A Visionary Who Helped Build a Movement: Remembering Iris Cantor

The philanthropist, whose passing on February 22, 2026, at the age of 95 leaves a philanthropic legacy that will outlast generations, including a building at the heart of AWCIM's new campus

She started on Wall Street when almost no women did. She championed the health of other women when almost no one thought to. She kept Rodin alive in the consciousness of millions. And in 2019, she looked westward to the Sonoran Desert and made a bet on the future of medicine.

Iris Cantor, the nationally acclaimed philanthropist, women's healthcare advocate, and arts patron, passed away on February 22, 2026 in Palm Beach, Florida. She was 95. Her passing marks the end of a singular life devoted to building institutions that endure — and the University of Arizona Andrew Weil Center for Integrative Medicine (AWCIM) Iris Cantor Building is among them.

Cantor’s relationship with AWCIM began in 2017 with a leadership gift to establish the Iris Cantor Research and Innovation Fund — a commitment that reflected her long-held conviction that preventive care and whole-person medicine represent the future of health. “The UA Center for Integrative Medicine is making an indelible, positive impact on health around the world,” she said at the time. “It is the very reason I have offered my support for their mission to improve health and empower people in their own health care.”

That initial gift deepened into something more lasting. In 2019, Cantor and her foundation, The Iris & B. Gerald Cantor Foundation, both provided transformational funding that enabled construction of one of three structures in AWCIM's new campus complex. That building — the Iris Cantor Building — opened on April 24, 2024, its glass facade catching the Arizona light, its exterior panels designed to divert desert winds and reduce the need for air conditioning, its architecture as intentional as the medicine practiced within it. In a field defined by the belief that healing is inseparable from environment and purpose, the building itself embodies those principles.

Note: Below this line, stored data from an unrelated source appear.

(* Let $H=(V,E)$ be a hypergraph, and let $L$ be a graph satisfying one of the following: (a) $\deg_H(v)\le 2$ for all $v\in V$ and $L=\mathcal L(H)$; or (b) $L=\mathcal L_2^*(H)$ and $L$ is bipartite; or (c) $L=\mathcal L_3^*(H)$. Then $H$ is eulerian whenever $L$ has a Hamilton cycle, and $H$ is quasi-eulerian whenever $L$ has a $2$-factor. Moreover, in cases (b) and (c), $H$ is quasi-eulerian whenever $L$ has a spanning subgraph each of whose connected components is $1$-regular or $2$-regular.
   Context: A hypergraph $H=(V,E)$ consists of a finite nonempty vertex set $V$, a finite edge set $E$ disjoint from $V$, and an incidence function assigning to each edge $e\in E$ a subset of $V$ (also denoted $e$); distinct edges may have the same vertex set. Hypergraphs are assumed to have no empty edges. The degree $\deg_H(v)$ is the number of edges containing $v$. A walk is a sequence $W=v_0e_1v_1e_2\cdots e_kv_k$ with $v_i\in V$, $e_i\in E$, such that for each $i$, $v_{i-1}\ne v_i$ and $v_{i-1},v_i\in e_i$; the $v_i$ are its anchors. $W$ is closed if $k\ge 2$ and $v_0=v_k$; it is a strict trail if $e_1,\dots,e_k$ are pairwise distinct. An Euler tour of $H$ is a closed strict trail traversing every edge of $H$; an Euler family of $H$ is a family of closed strict trails such that every edge of $H$ lies in exactly one trail and no two trails have a common anchor. $H$ is eulerian (quasi-eulerian) if it has an Euler tour (Euler family). The intersection graph $\mathcal L(H)$ is the simple graph with vertex set $E$ in which distinct $e,e'$ are adjacent iff $e\cap e'\ne\emptyset$; for a positive integer $\ell$, $\mathcal L_\ell^*(H)$ is the simple graph with vertex set $E$ in which distinct $e,e'$ are adjacent iff $|e\cap e'|\ge \ell$. *)

From mathcomp Require Import all_boot.
Set Implicit Arguments. Unset Strict Implicit. Unset Printing Implicit Defensive.

Section Hypergraph.
Variables (V E : finType) (inc : E -> {set V}).

Definition hdeg (v : V) : nat := #|[set e : E | v \in inc e]|.

(* A walk v0 e1 v1 ... ek vk is encoded by its start v0 and the sequence
   [:: (e1,v1); ...; (ek,vk)]. *)
Fixpoint is_walk (v : V) (s : seq (E * V)) : bool :=
  match s with
  | [::] => true
  | (e, w) :: s' => [&& v != w, v \in inc e, w \in inc e & is_walk w s']
  end.

Definition walk_edges (s : seq (E * V)) : seq E := map fst s.
Definition anchors (v : V) (s : seq (E * V)) : seq V := v :: map snd s.

Definition closed_strict_trail (v : V) (s : seq (E * V)) : bool :=
  [&& is_walk v s, 2 <= size s, last v (map snd s) == v & uniq (walk_edges s)].

Definition euler_tour (v : V) (s : seq (E * V)) : Prop :=
  closed_strict_trail v s /\ forall e : E, e \in walk_edges s.

Definition eulerian : Prop := exists v s, euler_tour v s.

Definition euler_family (F : seq (V * seq (E * V))) : Prop :=
  [/\ all (fun t => closed_strict_trail t.1 t.2) F,
      forall e : E, count (fun t => e \in walk_edges t.2) F = 1
    & pairwise (fun t1 t2 => [disjoint anchors t1.1 t1.2 & anchors t2.1 t2.2]) F].

Definition quasi_eulerian : Prop := exists F, euler_family F.

Definition intersection_graph : rel E :=
  fun e f => (e != f) && (inc e :&: inc f != set0).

Iris Cantor’s kindness, sophistication, and generous vision shaped not just spaces but a movement of healing and hope. The Iris Cantor Building stands as a testament to her belief in integrative medicine’s power to transform health and well-being.”

Dr. Stephen Dahmer, Andrew Weil Center for Integrative Medicine

For Dr. Stephen Dahmer, executive director of AWCIM, Cantor was more than a donor — she was a partner in a shared vision. "On behalf of all of us at the Andrew Weil Center for Integrative Medicine, I want to express our heartfelt condolences on the passing of Iris," Dr. Dahmer said. "She was an extraordinary leader and generous supporter whose vision and commitment have left an enduring mark on our Center. Her name will inspire future generations, especially through the Cantor Building, which stands as a testament to her dedication and belief in the power of integrative medicine to transform health and well-being."

Dr. Andrew Weil, the integrative medicine pioneer whose vision gave AWCIM its name and its purpose, reflected on what Cantor's support meant at the most essential level. "Iris has been a key supporter of my vision for integrative medicine since its earliest days," Dr. Weil said. "She actively collaborated with our Center and helped make possible our new building. Not only does she have my gratitude — she has a special place in my heart."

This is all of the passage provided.